Training Bayesian Inference & Statistical Modeling Bayesian Model Comparison & Decision Theory
7 / 7

Bayesian Model Comparison & Decision Theory

35 min Bayesian Inference & Statistical Modeling

Bayesian Model Comparison & Decision Theory

Bayesian model comparison uses the marginal likelihood (evidence) to weight competing models, automatically penalizing complexity via Occam's razor. Bayesian decision theory provides a coherent framework for choosing actions that minimize expected posterior loss, unifying estimation, hypothesis testing, and prediction into a single framework grounded in probability calculus.

Bayes Factor & Model Evidence

For models $M_1,M_2$ with priors $P(M_1),P(M_2)$: $$\text{BF}_{12}=\frac{p(\mathcal{D}\mid M_1)}{p(\mathcal{D}\mid M_2)}=\frac{\int p(\mathcal{D}\mid\theta_1,M_1)p(\theta_1\mid M_1)d\theta_1}{\int p(\mathcal{D}\mid\theta_2,M_2)p(\theta_2\mid M_2)d\theta_2}$$ Posterior odds $=$ BF $\times$ prior odds. Jeffreys' scale: $\log_{10}\text{BF}>2$ is decisive evidence for $M_1$. Unlike $p$-values, BFs can provide evidence for the null.

Bayesian Decision Theory

Given posterior $p(\theta\mid\mathcal{D})$ and loss function $L(\theta,a)$ for action $a\in\mathcal{A}$, the Bayes-optimal action minimizes posterior expected loss: $$a^*=\arg\min_{a\in\mathcal{A}}\mathbb{E}_{p(\theta\mid\mathcal{D})}[L(\theta,a)]$$ Under squared-error loss $L(\theta,a)=(\theta-a)^2$, $a^*=E[\theta\mid\mathcal{D}]$ (posterior mean). Under absolute-error loss, $a^*=\text{median}(p(\theta\mid\mathcal{D}))$. Under 0-1 loss, $a^*=\text{mode}(p(\theta\mid\mathcal{D}))$ (MAP).

Example 1: WAIC & LOO-CV

When model evidence is intractable, use information criteria. WAIC: $\widehat{\text{elpd}}_{\text{WAIC}}=\sum_i\log\bar p(y_i)-\sum_i\text{Var}_{\text{post}}(\log p(y_i\mid\theta))$. PSIS-LOO-CV uses Pareto-smoothed importance sampling weights to estimate leave-one-out predictive density, flagging influential observations via Pareto-$\hat k>0.7$.

Example 2: Posterior Predictive Checks

Generate replicated data $y^{rep}\sim p(y^{rep}\mid\mathcal{D})=\int p(y^{rep}\mid\theta)p(\theta\mid\mathcal{D})d\theta$. Compare test statistic $T(y^{rep})$ to observed $T(y)$ via Bayesian $p$-value: $p_B=P(T(y^{rep})\geq T(y)\mid\mathcal{D})$. Values near 0 or 1 indicate model misspecification. This is a self-consistency check, not a classical hypothesis test.

Practice

  1. Explain why the Bayes factor automatically penalizes model complexity (Occam's razor effect) even without an explicit complexity penalty term.
  2. Under asymmetric linear loss $L(\theta,a)=c_1( heta-a)^+\ +\ c_2(a-\theta)^+$, derive the Bayes-optimal action in terms of a posterior quantile.
Show Answer Key

1. The Bayes factor $B_{12}=\int P(D|\theta,M_1)\pi(\theta|M_1)d\theta\,/\,\int P(D|\theta,M_2)\pi(\theta|M_2)d\theta$. Complex models spread their prior over more parameter space, so the marginal likelihood (numerator/denominator) is diluted.
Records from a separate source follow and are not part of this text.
Lemma kpermE j (i : 'I_4) : j < 4 -> val (kperm j i) = klein j i.
Proof.
case: j => [|[|[|[|]]]] // _; rewrite /= ?perm1 ?permM /tperm ?permE.
all: rewrite ?(p4E (isT : 0 < 4)) ?(p4E (isT : 1 < 4)) ?(p4E (isT : 2 < 4)) ?(p4E (isT : 3 < 4)).
all: by case: i => [[|[|[|[|]]]] lt_i4].
Qed.

Lemma klein_lt j i : j < 4 -> i < 4 -> klein j i < 4.
Proof. by case: j => [|[|[|[|]]]] //; case: i => [|[|[|[|]]]]. Qed.

Lemma kleinK j i : j < 4 -> i < 4 -> klein j (klein j i) = i.
Proof. by case: j => [|[|[|[|]]]] //; case: i => [|[|[|[|]]]]. Qed.

Lemma kleinM j k i : j < 4 -> k < 4 -> i < 4 -> klein k (klein j i) = klein (klein j k) i.
Proof. by case: j => [|[|[|[|]]]] //; case: k => [|[|[|[|]]]] //; case: i => [|[|[|[|]]]]. Qed.

Lemma kpermM j k : j < 4 -> k < 4 -> (kperm j * kperm k)%g = kperm (klein j k).
Proof.
move=> lt_j4 lt_k4; apply/permP => i; apply: val_inj.
by rewrite permM /= !kpermE ?klein_lt // kleinM.
Qed.

Lemma kpermK j : j < 4 -> involutive (kperm j).
Proof. by move=> lt_j4 i; apply: val_inj; rewrite /= !kpermE ?kleinK ?klein_lt. Qed.

Lemma G4P g : reflect (exists2 j, j < 4 & g = kperm j) (g \in G4).
Proof.
apply: (iffP idP) => [|[j lt_j4 ->]].
  by rewrite !inE -!orbA => /or4P [] /eqP ->; [exists 0 | exists 1 | exists 2 | exists 3].
by case: j lt_j4 => [|[|[|[|]]]] // _; rewrite !inE eqxx ?orbT.
Qed.

Lemma group_set_G4 : group_set G4.
Proof.
apply/group_setP; split; first by apply/G4P; exists 0.
move=> _ _ /G4P [j lt_j4 ->] /G4P [k lt_k4 ->]; apply/G4P.
by exists (klein j k); rewrite ?klein_lt ?kpermM.
Qed.

Canonical G4_group := group group_set_G4.

Implicit Types (A B : {set 'I_4}) (x y : tabU 4).

(* Tabloids are encoded by the characteristic bit sequences of their rows, so
   that the facts about T_4 below can be checked by [vm_compute]. *)
Definition set_code (A : {set 'I_4}) : seq bool := [seq inord i \in A | i <- iota 0 4].

Definition code (x : tabU 4) : seq (seq bool) := map set_code (toseq x).

Lemma nth_set_code A (i : 'I_4) : nth false (set_code A) i = (i \in A).
Proof. by rewrite (nth_map 0) ?size_iota // nth_iota // add0n inord_val. Qed.

Lemma set_code_inj : injective set_code.
Proof. by move=> A B eq_AB; apply/setP => i; rewrite -!nth_set_code eq_AB. Qed.

Lemma code_inj : injective code.
Proof. by move=> x y /(inj_map set_code_inj) /toseq_inj. Qed.

Lemma card_set_code A : #|A| = count id (set_code A).
Proof.
rewrite count_map cardE size_filter -enumT -val_enum_ord count_map.
by apply: eq_count => i /=; rewrite inord_val.
Qed.

Definition code_disjoint (r r' : seq bool) : bool :=
  ~~ has (fun i => nth false r i && nth false r' i) (iota 0 4).

Lemma disjoint_set_code A B : [disjoint A & B] = code_disjoint (set_code A) (set_code B).
Proof.
rewrite /code_disjoint has_iota_ord -setI_eq0; apply/eqP/existsPn => [AB0 i|nAB].
  by rewrite !nth_set_code -in_setI AB0 in_set0.
by apply/setP => i; rewrite in_setI in_set0; have := nAB i; rewrite !nth_set_code => /negbTE.
Qed.

Definition code_in_prefix (c : seq (seq bool)) (i p : nat) : bool :=
  has (fun r => nth false r p) (take i c).

Definition code_le (c c' : seq (seq bool)) : bool :=
  all (fun i => all (fun p => code_in_prefix c i p ==> code_in_prefix c' i p) (iota 0 4))
      (iota 0 5).

Lemma mem_prefix_union_code x i (p : 'I_4) :
  (p \in prefix_union (toseq x) i) = code_in_prefix (code x) i p.
Proof.
rewrite mem_prefix_union /code_in_prefix /code -map_take has_map.
by apply: eq_has => X /=; rewrite nth_set_code.
Qed.

Lemma tab_le_code x y : tab_le (toseq x) (toseq y) <-> code_le (code x) (code y).
Proof.
rewrite tab_le_bounded; split=> [le_xy|/allP le_xy i le_i4].
  apply/allP => i; rewrite mem_iota => /le_xy /subsetP sub_xy.
  by rewrite all_iota_ord; apply/forallP => p; rewrite -!mem_prefix_union_code; apply/implyP/sub_xy.
apply/subsetP => p; rewrite !mem_prefix_union_code; apply/implyP.
have := le_xy i; rewrite mem_iota ltnS le_i4 all_iota_ord => /(_ isT) /forallP.
by apply.
Qed.

Definition code_kperm (j : nat) (r : seq bool) : seq bool :=
  [seq nth false r (klein j i) | i <- iota 0 4].

Lemma set_code_kperm j A : j < 4 -> set_code (kperm j @: A) = code_kperm j (set_code A).
Proof.
move=> lt_j4; apply/eq_in_map => i; rewrite mem_iota => /= lt_i4.
rewrite -[klein j i](@inordK 3) ?klein_lt // nth_set_code.
rewrite -{1}[inord i](kpermK lt_j4) mem_imset; last exact: perm_inj.
by congr (_ \in A); apply: val_inj; rewrite /= kpermE // !inordK ?klein_lt.
Qed.

Lemma code_tact j x : j < 4 -> code (tact (kperm j) x) = map (code_kperm j) (code x).
Proof.
move=> lt_j4; rewrite /code toseq_tact -!map_comp.
by apply: eq_map => X /=; rewrite set_code_kperm.
Qed.

Definition code_shape (c : seq (seq bool)) : seq nat := map (count id) c.

Definition code_tabloid (lam : seq nat) (c : seq (seq bool)) : bool :=
  [&& size c == size lam, pairwise code_disjoint c & code_shape c == lam].

Definition code_Td (c : seq (seq bool)) : bool :=
  code_tabloid (code_shape c) c && is_partition 4 (code_shape c).

Lemma shape_code x : Defs.shape x = code_shape (code x).
Proof.
rewrite /Defs.shape /code_shape /code -map_comp.
by apply/eq_map => X /=; rewrite card_set_code.
Qed.

Lemma Tlam_code lam x : (x \in Tlam 4 lam) = code_tabloid lam (code x).
Proof.
rewrite inE /is_tabloid /code_tabloid /code size_map pairwise_map -/(Defs.shape x) shape_code.
by congr [&& _, _ & _]; apply: eq_pairwise => X Y; rewrite disjoint_set_code.
Qed.

Lemma Td_code x : (x \in Td 4) = code_Td (code x).
Proof.
by rewrite inE; have := Tlam_code (Defs.shape x) x; rewrite inE => ->; rewrite shape_code.
Qed.

Fixpoint words (T : Type) (U : seq T) (k : nat) : seq (seq T) :=
  (* The [let] shares the recursive call, keeping the enumeration linear. *)
  if k is k'.+1 then let w := words U k' in flatten [seq map (cons u) w | u <- U]
  else [:: [::]].

Lemma mem_words (T : eqType) (U : seq T) s : all (mem U) s -> s \in words U (size s).
Proof.
elim: s => [|u s IHs] /=; first by rewrite inE.
by case/andP => Uu /IHs Us; apply/flatten_mapP; exists u; rewrite ?map_f.
Qed.

Definition all_codes : seq (seq (seq bool)) :=
  flatten [seq words (words [:: false; true] 4) k | k <- iota 0 5].

Lemma code_in_all_codes x : code x \in all_codes.
Proof.
apply/flatten_mapP; exists (size (code x)); first by rewrite mem_iota size_map ltnS size_toseq.
apply/mem_words/allP => _ /mapP [X _ ->].
by rewrite -[4](size_map (fun i => inord i \in X) (iota 0 4)); apply/mem_words/allP => -[].
Qed.

Definition label := (unit + unit + 'I_3 + 'I_3 + 'I_6)%type.

Notation L4 := (inl (inl (inl (inl tt)))).
Notation L31 := (inl (inl (inl (inr tt)))).
Notation L22 k := (inl (inl (inr k))).
Notation L211 k := (inl (inr k)).
Notation L1111 k := (inr k).

Definition lab_rank (e : label) : nat :=
  match e with L4 => 0 | L31 => 1 | L22 _ => 2 | L211 _ => 3 | L1111 _ => 4 end.

Definition lab_shape (e : label) : seq nat :=
  nth [::] [:: [:: 4]; [:: 3; 1]; [:: 2; 2]; [:: 2; 1; 1]; [:: 1; 1; 1; 1]] (lab_rank e).

(* Ranks increase as shapes get finer, and finer orbits lie lower. *)
Definition lab_le (e e' : label) : bool :=
  match e, e' with
  | L211 k, L22 k' => k == k'
  | _, _ => (e == e') || (lab_rank e' < lab_rank e)
  end.

Lemma lab_shape_partition e : is_partition 4 (lab_shape e).
Proof. by case: e => [[[[[]|[]]|k]|k]|k]. Qed.

Lemma lab_shape4 e : lab_shape e = [:: 4] -> e = L4.
Proof. by case: e => [[[[[]|[]]|k]|k]|k]. Qed.

Lemma lab_shape31 e : lab_shape e = [:: 3; 1] -> e = L31.
Proof. by case: e => [[[[[]|[]]|k]|k]|k]. Qed.

Lemma lab_shape22 e : lab_shape e = [:: 2; 2] -> exists k, e = L22 k.
Proof. by case: e => [[[[[]|[]]|k]|k]|k] // _; exists k. Qed.

Lemma lab_shape211 e : lab_shape e = [:: 2; 1; 1] -> exists k, e = L211 k.
Proof. by case: e => [[[[[]|[]]|k]|k]|k] // _; exists k. Qed.

Lemma lab_shape1111 e : lab_shape e = [:: 1; 1; 1; 1] -> exists k, e = L1111 k.
Proof. by case: e => [[[[[]|[]]|k]|k]|k] // _; exists k. Qed.

Definition lab_aut (h : label -> label) : Prop :=
  (forall e, lab_shape (h e) = lab_shape e) /\ (forall e e', lab_le (h e) (h e') = lab_le e e').

Definition lab_extend (s : 'I_3 -> 'I_3) (t : 'I_6 -> 'I_6) (e : label) : label :=
  match e with
  | L22 k => L22 (s k) | L211 k => L211 (s k) | L1111 k => L1111 (t k) | _ => e
  end.

Lemma lab_extend_inj s t : injective s -> injective t -> injective (lab_extend s t).
Proof.
move=> s_inj t_inj [[[[[]|[]]|k]|k]|k] [[[[[]|[]]|k']|k']|k'] //= [].
- by move/s_inj ->.
- by move/s_inj ->.
- by move/t_inj ->.
Qed.

Lemma lab_extendM (s s' : {perm 'I_3}) (t t' : {perm 'I_6}) e :
  lab_extend (s * s')%g (t * t')%g e = lab_extend s' t' (lab_extend s t e).
Proof. by case: e => [[[[[]|[]]|k]|k]|k]; rewrite /= ?permM. Qed.

Lemma lab_aut_extend s t : injective s -> injective t -> lab_aut (lab_extend s t).
Proof.
move=> s_inj t_inj; split=> [|e e']; first by case=> [[[[[]|[]]|k]|k]|k].
move: (inj_eq (lab_extend_inj s_inj t_inj) e e').
by case: e => [[[[[]|[]]|k]|k]|k]; case: e' => [[[[[]|[]]|k']|k']|k'] /= eq_ext;
   rewrite ?eq_ext ?(inj_eq s_inj).
Qed.

Lemma lab_aut_L211 h k k' : lab_aut h -> h (L22 k) = L22 k' -> h (L211 k) = L211 k'.
Proof.
case=> h_shape h_le hk; have [k1 hk1] := lab_shape211 (h_shape (L211 k)).
by have := h_le (L211 k) (L22 k); rewrite hk hk1 /= eqxx => /eqP ->.
Qed.

Lemma lab_aut_eq h h' : lab_aut h -> lab_aut h' ->
  (forall k, h (L22 k) = h' (L22 k)) -> (forall k, h (L1111 k) = h' (L1111 k)) -> h =1 h'.
Proof.
move=> aut_h aut_h' eq22 eq1111 [[[[[]|[]]|k]|k]|k]; rewrite ?eq22 ?eq1111 //.
- by rewrite (lab_shape4 (aut_h.1 L4)) (lab_shape4 (aut_h'.1 L4)).
- by rewrite (lab_shape31 (aut_h.1 L31)) (lab_shape31 (aut_h'.1 L31)).
have [k' hk] := lab_shape22 (aut_h.1 (L22 k)).
by rewrite (lab_aut_L211 aut_h hk) (lab_aut_L211 aut_h' (etrans (esym (eq22 k)) hk)).
Qed.

Lemma lab_extend_exists (h : label -> label) :
  (forall k, lab_shape (h (L22 k)) = [:: 2; 2]) -> injective (fun k : 'I_3 => h (L22 k)) ->
  (forall k, lab_shape (h (L1111 k)) = [:: 1; 1; 1; 1]) ->
  injective (fun k : 'I_6 => h (L1111 k)) ->
  exists (s : {perm 'I_3}) (t : {perm 'I_6}),
    (forall k, h (L22 k) = L22 (s k)) /\ (forall k, h (L1111 k) = L1111 (t k)).
Proof.
move=> shape22 inj22 shape1111 inj1111.
pose s k := if h (L22 k) is L22 k' then k' else k.
pose t k := if h (L1111 k) is L1111 k' then k' else k.
have hs k : h (L22 k) = L22 (s k) by rewrite /s; have [k' ->] := lab_shape22 (shape22 k).
have ht k : h (L1111 k) = L1111 (t k) by rewrite /t; have [k' ->] := lab_shape1111 (shape1111 k).
have s_inj : injective s by move=> k k' eq_s; apply: inj22; rewrite /= !hs eq_s.
have t_inj : injective t by move=> k k' eq_t; apply: inj1111; rewrite /= !ht eq_t.
by exists (perm s_inj), (perm t_inj); split=> k; rewrite permE.
Qed.

Definition lab_index (e : label) : nat :=
  match e with L4 => 0 | L31 => 1 | L22 k => 2 + k | L211 k => 5 + k | L1111 k => 8 + k end.

(* Unlike [inord], whose [insub] is opaque, [ord_mod] computes under [vm_compute]. *)
Definition ord_mod n k : 'I_n.+1 := Ordinal (ltn_pmod k (ltn0Sn n)).

Definition lab_of_index (n : nat) : label :=
  if n == 0 then L4 else if n == 1 then L31 else if n < 5 then L22 (ord_mod 2 (n - 2))
  else if n < 8 then L211 (ord_mod 2 (n - 5)) else L1111 (ord_mod 5 (n - 8)).

Lemma lab_indexK : cancel lab_index lab_of_index.
Proof.
have ord_modK n (k : 'I_n.+1) : ord_mod n k = k by apply/val_inj/modn_small.
case=> [[[[[]|[]]|k]|k]|k] //; rewrite /lab_of_index /= addKn ord_modK //.
  by rewrite -[5]/(2 + 3) ltn_add2l ltn_ord.
by rewrite -[8]/(5 + 3) ltn_add2l ltn_ord.
Qed.

Lemma lab_of_indexK n : n < 14 -> lab_index (lab_of_index n) = n.
Proof.
have /allP idx_ok : all (fun n => lab_index (lab_of_index n) == n) (iota 0 14) by vm_compute.
by move=> lt_n14; apply/eqP/idx_ok; rewrite mem_iota.
Qed.

Lemma lab_index_in e : lab_index e \in iota 0 14.
Proof.
rewrite mem_iota; case: e => [[[[[]|[]]|k]|k]|k] //.
all: by case: k => [[|[|[|[|[|[|n]]]]]] lt_n].
Qed.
Simpler models concentrate prior mass near the data, achieving higher marginal likelihood when data is simple — an automatic Occam's razor.

2. The Bayes-optimal action minimizes expected loss: $a^*=\arg\min_a E[L(\theta,a)|D]$. For asymmetric linear loss, $a^*$ is the $c_2/(c_1+c_2)$-quantile of the posterior distribution of $\theta$.